§ **THE DATA**

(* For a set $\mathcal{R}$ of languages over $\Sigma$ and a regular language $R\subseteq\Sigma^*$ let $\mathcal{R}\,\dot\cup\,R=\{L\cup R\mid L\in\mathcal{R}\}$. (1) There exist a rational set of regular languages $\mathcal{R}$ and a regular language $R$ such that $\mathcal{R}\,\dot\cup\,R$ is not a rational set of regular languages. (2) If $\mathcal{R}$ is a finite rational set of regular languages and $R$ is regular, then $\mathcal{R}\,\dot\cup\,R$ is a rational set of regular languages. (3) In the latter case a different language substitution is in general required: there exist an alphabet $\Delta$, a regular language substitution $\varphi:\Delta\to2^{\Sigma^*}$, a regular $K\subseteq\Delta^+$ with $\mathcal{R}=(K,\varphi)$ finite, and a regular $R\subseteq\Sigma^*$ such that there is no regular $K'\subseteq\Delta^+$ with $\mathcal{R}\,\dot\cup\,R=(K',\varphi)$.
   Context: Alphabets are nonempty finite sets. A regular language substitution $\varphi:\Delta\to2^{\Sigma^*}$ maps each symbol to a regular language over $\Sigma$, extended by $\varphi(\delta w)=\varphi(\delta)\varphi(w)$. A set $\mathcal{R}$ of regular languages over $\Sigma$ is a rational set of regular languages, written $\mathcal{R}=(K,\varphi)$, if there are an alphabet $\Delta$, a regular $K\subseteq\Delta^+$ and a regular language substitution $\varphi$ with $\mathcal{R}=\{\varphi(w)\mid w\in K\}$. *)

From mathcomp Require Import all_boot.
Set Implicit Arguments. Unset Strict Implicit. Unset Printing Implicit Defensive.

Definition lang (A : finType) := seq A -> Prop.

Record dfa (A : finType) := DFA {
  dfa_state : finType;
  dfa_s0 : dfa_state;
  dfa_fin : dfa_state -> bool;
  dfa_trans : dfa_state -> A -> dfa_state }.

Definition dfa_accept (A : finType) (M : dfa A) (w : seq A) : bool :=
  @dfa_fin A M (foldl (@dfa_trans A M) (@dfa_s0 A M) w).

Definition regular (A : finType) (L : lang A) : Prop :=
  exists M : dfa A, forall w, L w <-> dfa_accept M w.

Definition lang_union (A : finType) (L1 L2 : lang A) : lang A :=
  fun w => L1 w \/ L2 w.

§ **WHAT THE TASK ASKS**
Write out exactly the lines that run from the one containing "Definition dfa_accept (A" to the end of the records, both end lines included.

§ **PROBLEM SOLUTION**
Definition dfa_accept (A : finType) (M : dfa A) (w : seq A) : bool :=
  @dfa_fin A M (foldl (@dfa_trans A M) (@dfa_s0 A M) w).

Definition regular (A : finType) (L : lang A) : Prop :=
  exists M : dfa A, forall w, L w <-> dfa_accept M w.

Definition lang_union (A : finType) (L1 L2 : lang A) : lang A :=
  fun w => L1 w \/ L2 w.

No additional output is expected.